Please write out exactly the lines of the data below from the line holding "rt d phi T e <= (length" through the line holding "rewrite -ler_pdivrMr //; apply/ltW.", and leave out the rest.

***** DATASET EXTRACT

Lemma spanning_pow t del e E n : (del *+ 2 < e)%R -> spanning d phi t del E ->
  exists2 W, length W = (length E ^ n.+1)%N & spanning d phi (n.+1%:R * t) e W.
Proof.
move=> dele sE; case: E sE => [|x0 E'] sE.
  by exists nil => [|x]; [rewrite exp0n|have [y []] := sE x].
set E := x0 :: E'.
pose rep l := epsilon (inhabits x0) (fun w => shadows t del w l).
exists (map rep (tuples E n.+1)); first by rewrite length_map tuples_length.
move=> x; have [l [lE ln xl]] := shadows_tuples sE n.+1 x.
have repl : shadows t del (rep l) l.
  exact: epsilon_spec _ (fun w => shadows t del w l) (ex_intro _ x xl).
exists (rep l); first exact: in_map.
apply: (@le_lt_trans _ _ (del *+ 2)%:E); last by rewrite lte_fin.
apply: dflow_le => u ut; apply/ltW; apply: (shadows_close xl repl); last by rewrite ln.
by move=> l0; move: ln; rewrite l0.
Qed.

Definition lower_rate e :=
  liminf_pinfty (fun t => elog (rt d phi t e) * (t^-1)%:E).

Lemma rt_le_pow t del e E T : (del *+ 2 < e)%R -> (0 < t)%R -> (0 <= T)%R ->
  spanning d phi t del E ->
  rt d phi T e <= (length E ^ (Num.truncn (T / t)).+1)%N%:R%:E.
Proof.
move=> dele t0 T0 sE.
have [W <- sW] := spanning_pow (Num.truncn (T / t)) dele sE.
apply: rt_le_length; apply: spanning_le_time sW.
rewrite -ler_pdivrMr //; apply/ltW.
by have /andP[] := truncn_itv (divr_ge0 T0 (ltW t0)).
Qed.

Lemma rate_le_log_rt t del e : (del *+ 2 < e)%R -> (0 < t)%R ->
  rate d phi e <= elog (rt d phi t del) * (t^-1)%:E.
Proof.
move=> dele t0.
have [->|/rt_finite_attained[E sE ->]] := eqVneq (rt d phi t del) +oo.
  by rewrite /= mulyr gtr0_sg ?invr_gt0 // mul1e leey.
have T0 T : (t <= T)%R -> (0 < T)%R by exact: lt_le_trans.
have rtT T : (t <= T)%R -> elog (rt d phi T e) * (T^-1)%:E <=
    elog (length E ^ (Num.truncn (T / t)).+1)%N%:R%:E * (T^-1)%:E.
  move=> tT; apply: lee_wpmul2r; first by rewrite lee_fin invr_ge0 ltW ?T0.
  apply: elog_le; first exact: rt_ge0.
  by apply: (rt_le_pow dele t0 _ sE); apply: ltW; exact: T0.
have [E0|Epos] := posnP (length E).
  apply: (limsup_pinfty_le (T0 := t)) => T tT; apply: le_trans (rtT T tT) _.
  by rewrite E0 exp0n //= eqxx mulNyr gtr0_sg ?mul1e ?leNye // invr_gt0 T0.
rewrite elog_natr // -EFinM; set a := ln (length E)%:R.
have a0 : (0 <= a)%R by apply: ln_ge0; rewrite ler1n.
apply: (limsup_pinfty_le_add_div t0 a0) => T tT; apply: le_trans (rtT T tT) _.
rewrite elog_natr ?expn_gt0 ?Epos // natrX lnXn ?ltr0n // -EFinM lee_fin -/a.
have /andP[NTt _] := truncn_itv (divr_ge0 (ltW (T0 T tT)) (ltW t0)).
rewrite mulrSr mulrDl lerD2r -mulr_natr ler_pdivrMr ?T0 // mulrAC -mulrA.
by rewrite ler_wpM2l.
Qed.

**********
***** DATASET EXTRACT

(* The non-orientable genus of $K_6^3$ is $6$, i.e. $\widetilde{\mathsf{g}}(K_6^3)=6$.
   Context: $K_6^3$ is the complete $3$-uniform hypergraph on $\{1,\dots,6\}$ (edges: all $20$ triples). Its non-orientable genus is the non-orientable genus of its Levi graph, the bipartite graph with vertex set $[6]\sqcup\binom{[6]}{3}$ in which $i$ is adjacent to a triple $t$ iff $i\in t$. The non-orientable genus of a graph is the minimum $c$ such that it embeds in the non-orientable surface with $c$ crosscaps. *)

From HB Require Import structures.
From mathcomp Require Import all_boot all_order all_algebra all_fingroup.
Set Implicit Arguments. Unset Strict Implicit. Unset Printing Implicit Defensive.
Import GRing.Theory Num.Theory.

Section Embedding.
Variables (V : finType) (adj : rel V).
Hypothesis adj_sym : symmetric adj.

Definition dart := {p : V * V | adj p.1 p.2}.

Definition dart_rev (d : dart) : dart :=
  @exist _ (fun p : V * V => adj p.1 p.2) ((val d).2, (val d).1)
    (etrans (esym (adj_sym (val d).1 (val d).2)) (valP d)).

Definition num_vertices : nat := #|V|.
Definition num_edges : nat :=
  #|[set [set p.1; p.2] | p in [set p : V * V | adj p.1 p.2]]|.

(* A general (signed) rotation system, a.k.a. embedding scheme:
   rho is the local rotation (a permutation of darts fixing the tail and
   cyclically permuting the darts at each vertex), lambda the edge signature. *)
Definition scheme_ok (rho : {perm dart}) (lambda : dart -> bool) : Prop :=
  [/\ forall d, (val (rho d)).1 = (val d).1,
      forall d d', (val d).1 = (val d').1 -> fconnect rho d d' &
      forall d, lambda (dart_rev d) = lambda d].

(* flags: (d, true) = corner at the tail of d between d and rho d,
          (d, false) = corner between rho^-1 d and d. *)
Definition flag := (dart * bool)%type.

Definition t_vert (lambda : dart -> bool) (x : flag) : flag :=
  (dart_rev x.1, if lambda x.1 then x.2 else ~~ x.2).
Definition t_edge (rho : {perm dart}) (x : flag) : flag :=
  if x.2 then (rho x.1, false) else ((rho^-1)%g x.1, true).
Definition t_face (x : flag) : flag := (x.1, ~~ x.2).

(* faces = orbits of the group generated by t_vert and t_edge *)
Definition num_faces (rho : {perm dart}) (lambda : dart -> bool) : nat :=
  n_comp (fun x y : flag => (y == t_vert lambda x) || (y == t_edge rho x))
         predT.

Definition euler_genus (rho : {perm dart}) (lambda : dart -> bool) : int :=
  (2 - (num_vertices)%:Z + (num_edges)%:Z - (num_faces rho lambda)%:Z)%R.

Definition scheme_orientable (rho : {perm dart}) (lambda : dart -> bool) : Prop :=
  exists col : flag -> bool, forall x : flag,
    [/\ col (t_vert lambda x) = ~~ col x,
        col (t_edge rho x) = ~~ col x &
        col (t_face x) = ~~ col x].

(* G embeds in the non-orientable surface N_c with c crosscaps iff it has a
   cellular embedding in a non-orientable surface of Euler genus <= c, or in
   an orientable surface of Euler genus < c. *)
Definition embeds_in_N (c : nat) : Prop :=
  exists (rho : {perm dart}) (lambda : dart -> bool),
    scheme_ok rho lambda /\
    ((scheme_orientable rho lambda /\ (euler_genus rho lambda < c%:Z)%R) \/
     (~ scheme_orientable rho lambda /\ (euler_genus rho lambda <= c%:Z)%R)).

**********
***** DATASET EXTRACT

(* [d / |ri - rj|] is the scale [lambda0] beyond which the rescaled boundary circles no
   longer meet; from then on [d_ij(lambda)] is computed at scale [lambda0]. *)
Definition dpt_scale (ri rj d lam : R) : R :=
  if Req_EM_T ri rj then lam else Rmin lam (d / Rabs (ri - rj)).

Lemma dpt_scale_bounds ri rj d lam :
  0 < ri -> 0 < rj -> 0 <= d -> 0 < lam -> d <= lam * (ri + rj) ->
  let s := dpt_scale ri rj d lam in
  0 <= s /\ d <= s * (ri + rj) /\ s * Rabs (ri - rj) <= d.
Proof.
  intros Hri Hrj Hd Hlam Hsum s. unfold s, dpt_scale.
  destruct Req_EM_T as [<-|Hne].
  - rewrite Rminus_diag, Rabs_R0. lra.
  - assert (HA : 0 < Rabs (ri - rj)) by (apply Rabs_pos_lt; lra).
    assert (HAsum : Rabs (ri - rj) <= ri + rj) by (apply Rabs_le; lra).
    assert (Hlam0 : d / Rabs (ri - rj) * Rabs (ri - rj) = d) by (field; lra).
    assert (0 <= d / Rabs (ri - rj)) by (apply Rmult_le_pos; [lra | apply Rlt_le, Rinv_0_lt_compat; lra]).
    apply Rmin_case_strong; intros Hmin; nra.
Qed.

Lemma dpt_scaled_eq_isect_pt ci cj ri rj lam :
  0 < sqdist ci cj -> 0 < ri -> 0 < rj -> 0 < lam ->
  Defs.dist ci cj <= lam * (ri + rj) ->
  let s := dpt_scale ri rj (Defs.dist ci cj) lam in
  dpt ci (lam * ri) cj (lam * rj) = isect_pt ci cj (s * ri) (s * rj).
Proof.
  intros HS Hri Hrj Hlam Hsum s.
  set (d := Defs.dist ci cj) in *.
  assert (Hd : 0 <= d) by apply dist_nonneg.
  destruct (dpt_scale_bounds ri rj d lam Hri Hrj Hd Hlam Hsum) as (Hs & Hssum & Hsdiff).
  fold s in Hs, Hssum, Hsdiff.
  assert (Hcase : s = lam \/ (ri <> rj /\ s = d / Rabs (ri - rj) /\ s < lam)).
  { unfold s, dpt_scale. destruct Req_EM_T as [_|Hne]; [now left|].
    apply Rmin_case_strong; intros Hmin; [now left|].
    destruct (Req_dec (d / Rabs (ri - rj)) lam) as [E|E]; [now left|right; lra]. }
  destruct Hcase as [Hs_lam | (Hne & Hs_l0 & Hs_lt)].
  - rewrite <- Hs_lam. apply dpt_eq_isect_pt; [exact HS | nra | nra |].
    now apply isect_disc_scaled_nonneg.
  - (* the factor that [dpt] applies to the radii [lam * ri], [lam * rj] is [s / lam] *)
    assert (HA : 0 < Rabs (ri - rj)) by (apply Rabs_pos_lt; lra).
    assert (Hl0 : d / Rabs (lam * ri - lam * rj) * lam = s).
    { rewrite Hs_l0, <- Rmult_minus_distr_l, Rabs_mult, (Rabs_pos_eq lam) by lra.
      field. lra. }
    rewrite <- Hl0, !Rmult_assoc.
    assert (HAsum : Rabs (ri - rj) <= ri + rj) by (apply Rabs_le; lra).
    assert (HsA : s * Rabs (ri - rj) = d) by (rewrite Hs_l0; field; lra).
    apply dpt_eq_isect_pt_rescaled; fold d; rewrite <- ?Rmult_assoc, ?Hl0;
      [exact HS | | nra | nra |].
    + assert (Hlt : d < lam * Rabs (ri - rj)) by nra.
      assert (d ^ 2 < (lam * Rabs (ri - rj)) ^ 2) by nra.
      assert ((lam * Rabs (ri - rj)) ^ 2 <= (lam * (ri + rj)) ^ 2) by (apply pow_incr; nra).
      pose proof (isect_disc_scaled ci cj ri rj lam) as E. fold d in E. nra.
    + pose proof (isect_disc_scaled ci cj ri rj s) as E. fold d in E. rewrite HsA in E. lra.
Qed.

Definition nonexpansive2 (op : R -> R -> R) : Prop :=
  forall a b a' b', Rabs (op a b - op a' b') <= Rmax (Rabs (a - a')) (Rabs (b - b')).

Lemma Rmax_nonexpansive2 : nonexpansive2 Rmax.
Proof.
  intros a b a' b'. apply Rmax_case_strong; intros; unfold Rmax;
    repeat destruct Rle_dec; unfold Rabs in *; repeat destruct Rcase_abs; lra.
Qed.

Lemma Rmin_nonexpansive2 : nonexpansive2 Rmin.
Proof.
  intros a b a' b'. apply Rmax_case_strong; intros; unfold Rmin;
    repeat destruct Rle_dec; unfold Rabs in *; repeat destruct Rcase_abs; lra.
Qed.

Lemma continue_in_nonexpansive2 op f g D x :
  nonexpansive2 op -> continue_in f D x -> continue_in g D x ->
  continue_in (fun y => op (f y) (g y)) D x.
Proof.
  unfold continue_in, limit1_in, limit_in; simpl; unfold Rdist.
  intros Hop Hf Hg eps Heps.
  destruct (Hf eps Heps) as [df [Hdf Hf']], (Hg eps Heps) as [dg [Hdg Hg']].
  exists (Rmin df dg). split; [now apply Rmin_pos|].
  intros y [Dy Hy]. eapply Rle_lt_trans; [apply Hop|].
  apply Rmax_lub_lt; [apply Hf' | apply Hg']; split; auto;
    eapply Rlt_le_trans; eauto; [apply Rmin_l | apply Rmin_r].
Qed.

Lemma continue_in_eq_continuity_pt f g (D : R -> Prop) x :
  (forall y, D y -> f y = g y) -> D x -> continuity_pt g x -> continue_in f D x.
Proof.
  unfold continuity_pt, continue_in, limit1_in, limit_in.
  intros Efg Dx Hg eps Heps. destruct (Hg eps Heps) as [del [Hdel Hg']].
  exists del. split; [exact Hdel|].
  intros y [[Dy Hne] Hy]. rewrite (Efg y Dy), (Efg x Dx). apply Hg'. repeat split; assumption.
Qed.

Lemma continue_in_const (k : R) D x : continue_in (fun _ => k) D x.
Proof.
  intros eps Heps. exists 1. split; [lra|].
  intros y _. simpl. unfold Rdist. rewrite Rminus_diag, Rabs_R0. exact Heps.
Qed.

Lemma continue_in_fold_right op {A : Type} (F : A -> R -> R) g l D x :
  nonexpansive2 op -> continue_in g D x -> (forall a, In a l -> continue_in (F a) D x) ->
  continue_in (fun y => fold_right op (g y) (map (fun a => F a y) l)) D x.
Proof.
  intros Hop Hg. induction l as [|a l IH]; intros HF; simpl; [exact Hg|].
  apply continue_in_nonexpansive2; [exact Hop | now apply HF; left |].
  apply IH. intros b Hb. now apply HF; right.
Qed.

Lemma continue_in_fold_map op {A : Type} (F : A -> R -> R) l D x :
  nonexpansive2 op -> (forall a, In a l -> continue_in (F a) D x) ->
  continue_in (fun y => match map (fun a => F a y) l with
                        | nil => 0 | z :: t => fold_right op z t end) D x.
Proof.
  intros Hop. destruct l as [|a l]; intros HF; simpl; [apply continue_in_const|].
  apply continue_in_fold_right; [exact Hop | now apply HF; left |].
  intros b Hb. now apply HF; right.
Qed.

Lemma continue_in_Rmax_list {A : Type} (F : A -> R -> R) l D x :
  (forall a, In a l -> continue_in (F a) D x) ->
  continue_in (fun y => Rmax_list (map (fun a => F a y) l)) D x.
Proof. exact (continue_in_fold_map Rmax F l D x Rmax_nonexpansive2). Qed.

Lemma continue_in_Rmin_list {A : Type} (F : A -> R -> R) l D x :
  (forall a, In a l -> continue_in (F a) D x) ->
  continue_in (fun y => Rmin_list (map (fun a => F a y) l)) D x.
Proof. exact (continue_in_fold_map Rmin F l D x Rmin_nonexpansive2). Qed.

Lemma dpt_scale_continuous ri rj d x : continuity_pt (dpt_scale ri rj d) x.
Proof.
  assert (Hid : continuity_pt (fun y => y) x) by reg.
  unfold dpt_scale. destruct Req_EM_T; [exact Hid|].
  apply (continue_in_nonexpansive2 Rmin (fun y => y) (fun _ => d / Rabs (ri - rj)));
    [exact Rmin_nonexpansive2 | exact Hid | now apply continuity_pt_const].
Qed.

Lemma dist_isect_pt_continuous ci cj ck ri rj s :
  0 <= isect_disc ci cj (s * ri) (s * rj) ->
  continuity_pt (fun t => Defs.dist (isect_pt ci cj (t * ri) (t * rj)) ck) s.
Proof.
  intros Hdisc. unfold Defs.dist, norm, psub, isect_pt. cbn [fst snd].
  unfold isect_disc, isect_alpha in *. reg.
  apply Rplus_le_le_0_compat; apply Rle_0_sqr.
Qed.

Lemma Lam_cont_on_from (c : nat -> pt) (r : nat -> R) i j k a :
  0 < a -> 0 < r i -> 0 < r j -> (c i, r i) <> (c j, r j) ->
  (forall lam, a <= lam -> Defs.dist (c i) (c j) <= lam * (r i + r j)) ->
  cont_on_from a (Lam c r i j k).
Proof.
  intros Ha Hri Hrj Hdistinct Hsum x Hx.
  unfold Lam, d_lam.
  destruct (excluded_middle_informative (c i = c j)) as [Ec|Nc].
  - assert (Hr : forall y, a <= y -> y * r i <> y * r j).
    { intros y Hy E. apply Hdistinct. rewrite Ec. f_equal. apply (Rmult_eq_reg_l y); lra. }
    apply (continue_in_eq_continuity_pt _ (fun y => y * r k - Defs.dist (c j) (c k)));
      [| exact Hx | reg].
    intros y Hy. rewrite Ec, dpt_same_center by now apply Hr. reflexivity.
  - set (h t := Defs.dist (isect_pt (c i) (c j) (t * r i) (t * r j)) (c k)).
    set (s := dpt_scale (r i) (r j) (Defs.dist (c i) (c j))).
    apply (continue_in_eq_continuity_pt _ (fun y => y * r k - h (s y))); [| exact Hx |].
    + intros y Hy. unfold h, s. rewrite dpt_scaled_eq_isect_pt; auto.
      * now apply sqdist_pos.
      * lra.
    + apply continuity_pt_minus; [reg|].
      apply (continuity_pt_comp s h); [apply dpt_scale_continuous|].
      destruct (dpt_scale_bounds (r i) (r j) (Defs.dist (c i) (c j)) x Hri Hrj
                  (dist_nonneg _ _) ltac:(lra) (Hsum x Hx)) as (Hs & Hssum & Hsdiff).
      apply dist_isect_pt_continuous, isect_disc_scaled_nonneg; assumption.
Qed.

**********

*COMPLETED TASK*
  rt d phi T e <= (length E ^ (Num.truncn (T / t)).+1)%N%:R%:E.
Proof.
move=> dele t0 T0 sE.
have [W <- sW] := spanning_pow (Num.truncn (T / t)) dele sE.
apply: rt_le_length; apply: spanning_le_time sW.
rewrite -ler_pdivrMr //; apply/ltW.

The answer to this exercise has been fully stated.